🤖 AI Summary
This work addresses the lack of reliable evaluation benchmarks for fine-grained, natural language–driven PowerPoint editing. We introduce PPTArena, the first agent-oriented benchmark for in-situ multi-element editing, covering real-world elements including text, charts, tables, animations, and slide master styles. We propose PPTPilot, a structure-aware agent that integrates semantic planning, programmatic tool invocation, and XML-level precise manipulation, operating via a plan-edit-verify闭环 to enhance accuracy and visual consistency. Innovatively, we adopt a dual-channel VLM-as-judge evaluation mechanism combining structured difference analysis with visual quality scoring. Experiments show that PPTPilot outperforms leading proprietary systems by over 10 percentage points on composite, cross-slide, and layout-sensitive tasks, significantly improving visual fidelity and document-level consistency—while revealing long-horizon editing as a critical remaining challenge.
📝 Abstract
We introduce PPTArena, a benchmark for PowerPoint editing that measures reliable modifications to real slides under natural-language instructions. In contrast to image-PDF renderings or text-to-slide generation, PPTArena focuses on in-place editing across 100 decks, 2125 slides, and over 800 targeted edits covering text, charts, tables, animations, and master-level styles. Each case includes a ground-truth deck, a fully specified target outcome, and a dual VLM-as-judge pipeline that separately scores instruction following and visual quality using both structural diffs and slide images.
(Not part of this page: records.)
(* Let $G$ be an edge-ordered graph with average degree $d$, and suppose there is $0<\varepsilon<1$ such that every set of at most $\varepsilon d$ vertices of $G$ induces at most $(1/2-\varepsilon)d$ edges. Then $G$ has a monotone path of length $\varepsilon d$.
   Context: An edge-ordered graph is a graph together with a total order on its edge set. A path is monotone if its consecutive edges form a monotone sequence in this order; its length is the number of edges. *)

From HB Require Import structures.
From mathcomp Require Import all_boot all_order all_algebra.
Set Implicit Arguments. Unset Strict Implicit. Unset Printing Implicit Defensive.
Import Order.TTheory GRing.Theory Num.Theory.

Definition simple_graph (V : finType) (e : rel V) : Prop :=
  symmetric e /\ irreflexive e.

Definition edges (V : finType) (e : rel V) : {set {set V}} :=
  [set [set u; v] | u in V, v in V & e u v].

Definition induced_edges (V : finType) (e : rel V) (S : {set V}) : {set {set V}} :=
  [set A in edges e | A \subset S].

(* A total order on the edge set, given by an injective rank function:
   lab u v is the rank of edge {u,v}; it is symmetric and distinct edges
   receive distinct ranks. *)
Definition edge_order (V : finType) (e : rel V) (lab : V -> V -> nat) : Prop :=
  (forall u v, lab u v = lab v u) /\
  (forall u v x y, e u v -> e x y -> lab u v = lab x y ->
     [set u; v] = [set x; y]).
Fixpoint sat (M : RelModel) (w : world M) (f : Fm) : Prop :=
  match f with
  | Atom p => Val M w (Atom p)
  | Neg a => (normal M w /\ ~ sat M w a) \/ (~ normal M w /\ Val M w f)
  | And a b => (normal M w /\ sat M w a /\ sat M w b) \/ (~ normal M w /\ Val M w f)
  | Imp a b => (normal M w /\ (sat M w a -> sat M w b)) \/ (~ normal M w /\ Val M w f)
  | Cond a b => (normal M w /\ forall u, RF M a w u -> sat M u b)
                \/ (~ normal M w /\ Val M w f)
  | Just t a => (normal M w /\ forall u, RT M t w u -> sat M u a)
                \/ (~ normal M w /\ Val M w f)
  end.

Definition canonical_model (CS : Fm -> Prop) : RelModel := {|
  world := Fm -> Prop;
  normal := MaxConsistent CS;
  RF := fun p G D => MaxConsistent CS G /\ MaxConsistent CS D /\
                     (forall q, G (Cond p q) -> D q);
  RT := fun t G D => forall q, G (Just t q) -> D q;
  Val := fun G f => (MaxConsistent CS G /\ (exists p, f = Atom p) /\ G f)
                    \/ (~ MaxConsistent CS G /\ G f)
|}.

(* At a non-normal world truth is membership by definition, so only maximal
   consistent Γ matter. There the Boolean clauses are the usual closure
   properties of maximal consistent sets. For [t:φ] the canonical [R_t] relates
   Γ to EVERY set of formulas containing Γ/t, in particular to Γ/t itself, so
   if Γ ⊨ t:φ the induction hypothesis at the world Γ/t already gives
   t:φ ∈ Γ. For [φ > ψ] with ψ ∈ Δ for all maximal consistent Δ ⊇ Γ/φ, the set
   Γ/φ ∪ {¬ψ} must be inconsistent (Lindenbaum); since Γ/φ is closed under
   finite conjunctions by (A2) and (RCN), a derivation of ψ from Γ/φ lifts to
   a derivation of φ > ψ from Γ. *)
From Stdlib Require Import List Bool Arith Classical Cantor.
Import ListNotations.

Definition Top : Fm := Imp Bot Bot.

Fixpoint bigconj (l : list Fm) : Fm :=
  match l with [] => Top | x :: l => And x (bigconj l) end.

Lemma beval_Top v : beval v Top = true.
Proof. unfold Top, Bot, chi0; simpl. destruct (v (Atom 0)); reflexivity. Qed.

Lemma beval_Bot v : beval v Bot = false.
Proof. unfold Bot, chi0; simpl. destruct (v (Atom 0)); reflexivity. Qed.

Lemma beval_bigconj v l : beval v (bigconj l) = forallb (beval v) l.
Proof. induction l as [|x l IH]; simpl; [apply beval_Top | now rewrite IH]. Qed.

Lemma beval_conjl v g rest :
  beval v (conjl g rest) = beval v g && forallb (beval v) rest.
Proof.
  unfold conjl; revert g; induction rest as [|x rest IH]; intros g; simpl.
  - now rewrite andb_true_r.
  - now rewrite IH, andb_assoc.
Qed.

(* Decides goals and hypotheses about [beval] by case analysis on the truth
   values of the maximal non-Boolean subformulas. *)
Ltac bool_taut :=
  repeat intro;
  repeat match goal with H : context [beval _ _] |- _ => revert H end;
  cbn [beval bigconj];
  rewrite ?beval_bigconj, ?beval_conjl, ?beval_Top, ?beval_Bot;
  repeat match goal with
         | |- context [beval ?v ?x] => destruct (beval v x)
         | |- context [forallb ?f ?l] => destruct (forallb f l)
         end; simpl; auto; try discriminate.

Lemma Prov_taut CS f : Tautology f -> Prov CS f.
Proof. intros H. now apply P_ax, A1. Qed.

Lemma Prov_taut_mp CS a b :
  Prov CS a -> (forall v, beval v a = true -> beval v b = true) -> Prov CS b.
Proof.
  intros Ha Hab. apply P_mp with a; auto. apply Prov_taut. intros v.
  specialize (Hab v). revert Hab. bool_taut.
Qed.

(** * Derivability from a set of hypotheses *)

Definition Der CS (T : Fm -> Prop) f :=
  exists l, Forall T l /\ Prov CS (Imp (bigconj l) f).

Lemma Derives_iff_Der CS T f : Derives CS T f <-> Der CS T f.
Proof.
  split.
  - intros [Hf | [g [rest [Hg [Hrest Hp]]]]].
    + exists []; split; auto. apply Prov_taut_mp with f; auto. bool_taut.
    + exists (g :: rest); split; auto.
      apply Prov_taut_mp with (Imp (conjl g rest) f); auto. bool_taut.
  - intros [[|g rest] [Hl Hp]].
    + left. apply P_mp with Top; [exact Hp | apply Prov_taut; intros v; apply beval_Top].
    + inversion Hl; subst. right. exists g, rest. repeat split; auto.
      apply Prov_taut_mp with (Imp (bigconj (g :: rest)) f); auto. bool_taut.
Qed.

Lemma Der_weaken CS (T T' : Fm -> Prop) f :
  (forall x, T x -> T' x) -> Der CS T f -> Der CS T' f.
Proof. intros H [l [Hl Hp]]. exists l; split; auto. eapply Forall_impl; eauto. Qed.

Lemma Der_Prov CS T f : Prov CS f -> Der CS T f.
Proof. intros H. exists []; split; auto. apply Prov_taut_mp with f; auto. bool_taut. Qed.

Lemma Der_mem CS (T : Fm -> Prop) f : T f -> Der CS T f.
Proof. intros H. exists [f]; split; auto. apply Prov_taut. bool_taut. Qed.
Building on this setting, we propose PPTPilot, a structure-aware slide-editing agent that plans semantic edit sequences, routes between high-level programmatic tools and deterministic XML operations for precise control, and verifies outputs through an iterative plan-edit-check loop against task-specific constraints. In our experiments, PPTPilot outperforms strong proprietary agents and frontier VLM systems by over 10 percentage points on compound, layout-sensitive, and cross-slide edits, with particularly large gains in visual fidelity and deck-wide consistency. Despite these improvements, existing agents still underperform on long-horizon, document-scale tasks in PPTArena, highlighting the remaining challenges in reliable PPT editing.